5. Authentication Configuration

The FsOpenAI app supports integration with Azure AD (or MS Entra ID). To require authentication, set the RequireLogin flag in the AppConfig (see above). The user roles can also be specified there. See MS authentication for Blazor apps for more information.

There are two places additional configuration is required to support AD authentication:

  • (client) wwwroot/appSettings.json
  • (server) appSettings.json

Please review the MS documentation for details. This is an involved topic which requires good study and some trial-and-error for successful execution.

Search Index Format

FsOpenAI expects the following fields to be present in the index. If any field is missing, it will not show the index in the Q&A chat index selection box. Any additional fields are ignored.

Field Description
id Unique id
title Document title
sourcefile Link to reference site or document
content The text content that will be used in the Q&A chat session
contentVector The embeddings vector

Sample code to 'shred' a collection of PDF documents; create the embeddings; and load the index, is provided in the script LoadIndex.fsx.

Note the index format may change to the Semantic Kernel 'memory' format later.

When loading and index from a document collection, the limiting resource is the embeddings model api. The index-load code uses rate limited but parallel calls to maximize throughput (when using a single instance of the embeddings api). The rate limit can be set in the script.

Meta Index

In addition to the actual document indexes a special index, called 'Meta' index here, may also be created. The name of the Meta index - that an app deployment should use - is configured in the AppConfig.json (see configuration section above). The Meta index specifies the following additional information about the actual indexes:

  • Descriptions of the actual indexes that will display in the app where indexes can be selected.
  • The 'groups' each of the actual indexes are associated with. In the AppConfig.json is a list of groups for the deployment; the app will show only the indexes where the groups match between the Meta index and AppConfig.json.
  • Parent indexes (if any) for each of the actual indexes. This will show the indexes in a hierarchy in the app. If a parent is selected (in the app) then the children are automatically selected.
  • Virtual indexes.

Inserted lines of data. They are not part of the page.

Lemma sum_to_nonneg n f : (forall m, 0 <= f m) -> 0 <= sum_to n f.
Proof. intros Hf; induction n; simpl; auto; try lia. specialize (Hf n); lia. Qed.

Lemma sum_to_mono f n n' : (forall m, 0 <= f m) -> (n <= n')%nat -> sum_to n f <= sum_to n' f.
Proof. intros Hf Hle; induction Hle; simpl; try lia. specialize (Hf m); lia. Qed.

Lemma sum_to_ge_entry f n m : (forall m, 0 <= f m) -> (m < n)%nat -> f m <= sum_to n f.
Proof.
  intros Hf Hm. pose proof (sum_to_mono f (S m) n Hf Hm). simpl in *.
  pose proof (sum_to_nonneg m f Hf). lia.
Qed.

Lemma sum_to_ge_count K f : (forall j, (j < K)%nat -> 1 <= f j) -> Z.of_nat K <= sum_to K f.
Proof.
  induction K as [|K IH]; intros Hf; simpl; try lia.
  specialize (IH (fun j Hj => Hf j ltac:(lia))). specialize (Hf K ltac:(lia)). lia.
Qed.

Lemma sum_to_ind n i c : (i < n)%nat -> sum_to n (ind i c) = c.
Proof.
  induction n as [|n IH]; intros Hi; [lia|]. simpl. unfold ind at 2.
  destruct (Nat.eqb_spec n i) as [->|].
  - rewrite (sum_to_ext _ _ (fun _ => 0)); [|intros m Hm; unfold ind; eqb_cases].
    clear; induction i; simpl; lia.
  - rewrite IH by lia; lia.
Qed.

Lemma sum_to_ediff n c i j : (i < n)%nat -> (j < n)%nat -> sum_to n (ediff c i j) = 0.
Proof.
  intros Hi Hj. rewrite (sum_to_ext _ _ (vsub (ind i c) (ind j c))) by reflexivity.
  rewrite sum_to_vsub, !sum_to_ind; lia.
Qed.

Lemma fold_right_Zadd_acc l a : fold_right Z.add a l = fold_right Z.add 0 l + a.
Proof. induction l; simpl; lia. Qed.

Lemma fold_right_Zadd_perm l l' : Permutation l l' -> fold_right Z.add 0 l = fold_right Z.add 0 l'.
Proof. induction 1; simpl; lia. Qed.

Lemma sum_to_as_list n f : sum_to n f = fold_right Z.add 0 (map f (seq 0 n)).
Proof.
  induction n as [|n IH]; auto.
  rewrite seq_S, map_app, fold_right_app, fold_right_Zadd_acc. simpl. rewrite IH. lia.
Qed.

Lemma pf_inv_fix (s : finperm) N :
  (forall i, (N <= i)%nat -> pf s i = i) -> forall i, (N <= i)%nat -> pf_inv s i = i.
Proof. intros HN i Hi. rewrite <- (HN i Hi) at 1. apply pf_invK. Qed.

Lemma sum_to_act (s : finperm) N v :
  (forall i, (N <= i)%nat -> pf s i = i) -> sum_to N (act s v) = sum_to N v.
Proof.
  intros HN. rewrite !sum_to_as_list. unfold act. rewrite <- (map_map (pf_inv s) v).
  apply fold_right_Zadd_perm, Permutation_map, Permutation_map_same_l.
  - apply Injective_map_NoDup; [|apply seq_NoDup].
    intros x y Hxy. rewrite <- (pf_K s x), <- (pf_K s y), Hxy. reflexivity.
  - intros x Hx. apply in_map_iff in Hx as [i [<- Hi]]. apply in_seq in Hi. apply in_seq.
    split; [lia|]. destruct (Nat.lt_ge_cases (pf_inv s i) N) as [|Hge]; auto.
    apply HN in Hge. rewrite pf_K in Hge. lia.
Qed.

Lemma has_sum_sum_to v n s : vanishes_from v n -> has_sum v s -> sum_to n v = s.
Proof.
  intros Hn [n' [Hn' <-]].
  rewrite <- (sum_to_vanishes_from v n (n + n')), <- (sum_to_vanishes_from v n' (n + n'));
    auto; lia.
Qed.

Lemma has_sum_unique v s t : has_sum v s -> has_sum v t -> s = t.
Proof. intros [n [Hn <-]] Ht. apply has_sum_sum_to; auto. Qed.

Lemma has_sum_of_finsupp v : finsupp v -> exists s, has_sum v s.
Proof. intros [n Hn]. exists (sum_to n v), n. split; auto. Qed.

Lemma has_sum_vsub u v s t : has_sum u s -> has_sum v t -> has_sum (vsub u v) (s - t).
Proof.
  intros [n [Hn Hs]] [n' [Hn' Ht]]. exists (n + n')%nat. split.
  - intros i Hi. unfold vsub, vadd, vopp. rewrite Hn, Hn' by lia. lia.
  - rewrite sum_to_vsub, (sum_to_vanishes_from u n), (sum_to_vanishes_from v n'); auto; lia.
Qed.

Lemma has_sum_nonneg v s : nonneg v -> has_sum v s -> 0 <= s.
Proof. intros Hv [n [_ <-]]. apply sum_to_nonneg, Hv. Qed.

Lemma has_sum_entry v s i : nonneg v -> has_sum v s -> v i <= s.
Proof.
  intros Hv [n [Hn <-]]. destruct (Nat.lt_ge_cases i n).
  - apply sum_to_ge_entry; auto.
  - rewrite Hn by lia. apply sum_to_nonneg, Hv.
Qed.

Lemma has_sum_0_nonneg v : nonneg v -> has_sum v 0 -> forall i, v i = 0.
Proof. intros Hv Hs i. pose proof (has_sum_entry v 0 i Hv Hs). specialize (Hv i). lia. Qed.

Lemma vle_has_sum_eq u v s : vle u v -> has_sum u s -> has_sum v s -> u = v.
Proof.
  intros Huv Hu Hv. apply functional_extensionality. intros i.
  assert (Hdiff : nonneg (vsub v u)) by (intros j; unfold vsub, vadd, vopp; specialize (Huv j); lia).
  pose proof (has_sum_0_nonneg _ Hdiff ltac:(replace 0 with (s - s) by lia; now apply has_sum_vsub) i).
  unfold vsub, vadd, vopp in *. lia.
Qed.

Lemma has_sum_act s v c : has_sum v c -> has_sum (act s v) c.
Proof.
  intros [n [Hn <-]]. destruct (pf_fin s) as [N HN]. exists (n + N)%nat. split.
  - intros i Hi. unfold act. rewrite (pf_inv_fix s N HN i) by lia. apply Hn; lia.
  - rewrite sum_to_act by (intros; apply HN; lia). apply sum_to_vanishes_from; auto; lia.
Qed.

Definition perm_id : finperm :=
  FinPerm (fun i => i) (fun i => i) (fun _ => eq_refl) (fun _ => eq_refl)
    (ex_intro _ 0%nat (fun _ _ => eq_refl)).

Definition swap_fun (a b m : nat) : nat := if Nat.eqb m a then b else if Nat.eqb m b then a else m.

These are used for organizing the index hierarchy. The application does not expect an actual document index to exist in the Azure AI Search service, if it is marked as 'isVirtual' in the Meta index.

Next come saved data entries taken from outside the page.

(* Let $n \geq 2$, $k \geq 1$, $M_1, \dots, M_k \in \mathrm{GL}_n(\mathbb{R})$, $\mathbf g_1, \dots, \mathbf g_k \in \mathbb{R}^n$, $G_i := M_i \cdot \mathbb{Z}^n + \mathbf g_i$ for $1 \le i \le k$, and $F := \bigcup_{i=1}^k G_i$. Let $\mathbf b \in \mathbb{S}^{n-1}$. The following are equivalent. \begin{enumerate} \item $\phi_\varepsilon[F](\mathbf x, \mathbf b)$ is well defined for all $\varepsilon > 0$ and all $\mathbf x \in \mathbb{R}^n$. \item There is an index $i \in \{1, \dots, k\}$ such that $\phi_\varepsilon[G_i](\mathbf x, \mathbf b)$ is well defined for all $\varepsilon > 0$ and all $\mathbf x \in \mathbb{R}^n$. \item At least one of the vectors $M_1^{-1}\mathbf b, \dots, M_k^{-1}\mathbf b$ has rationally independent components. \end{enumerate}
   Context: For $\mathbf a \in \mathbb{R}^n$, $\mathbf b \in \mathbb{S}^{n-1}$, $l > 0$, let $L(\mathbf a, \mathbf b, l) := \{\mathbf a + \lambda \mathbf b : -l \le \lambda \le l\}$. For $S \subset \mathbb{R}^n$ and $\varepsilon > 0$, the directional visibility function is \[ \phi_\varepsilon[S](\mathbf a, \mathbf b) := \inf\Big\{ l > 0 : L(\mathbf a, \mathbf b, l) \cap \bigcup_{\mathbf s \in S} B_2(\mathbf s, \varepsilon) \neq \varnothing \Big\}, \] where $B_2(\mathbf s,\varepsilon)$ is the open Euclidean ball; it is called well defined at $(\mathbf a, \mathbf b)$ when the set over which the infimum is taken is nonempty. A vector $\mathbf v \in \mathbb{R}^n$ has rationally independent components if there is no $\mathbf q \in \mathbb{Z}^n \setminus \{\mathbf 0\}$ with $\mathbf q \cdot \mathbf v = 0$. *)

From mathcomp Require Import all_boot all_order all_algebra.
From mathcomp Require Import reals.
Set Implicit Arguments. Unset Strict Implicit. Unset Printing Implicit Defensive.
Import Order.TTheory GRing.Theory Num.Theory.
Local Open Scope ring_scope.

If the Meta index is missing (or the one named in the AppConfig.json is not found), then all indexes (in the referenced Azure AI Search instance) containing the required columns, are shown in the app - as a flat list (i.e. not in a hierarchy).

If a Meta index is found, then only the actual indexes listed in the Meta index are shown to the app (respective of the groups).

The sample code to create a Meta index is in config_default.fsx

Local Testing And Development

For local testing, the settings json file can be specified in (server) appSettings.json. By default its configured to look for a file with the path:

  • %USERPROFILE%/.fsopenai/ServiceSettings.json

Also, if Azure is not available, FsOpenAI allows one to use an OpenAI API Key, instead.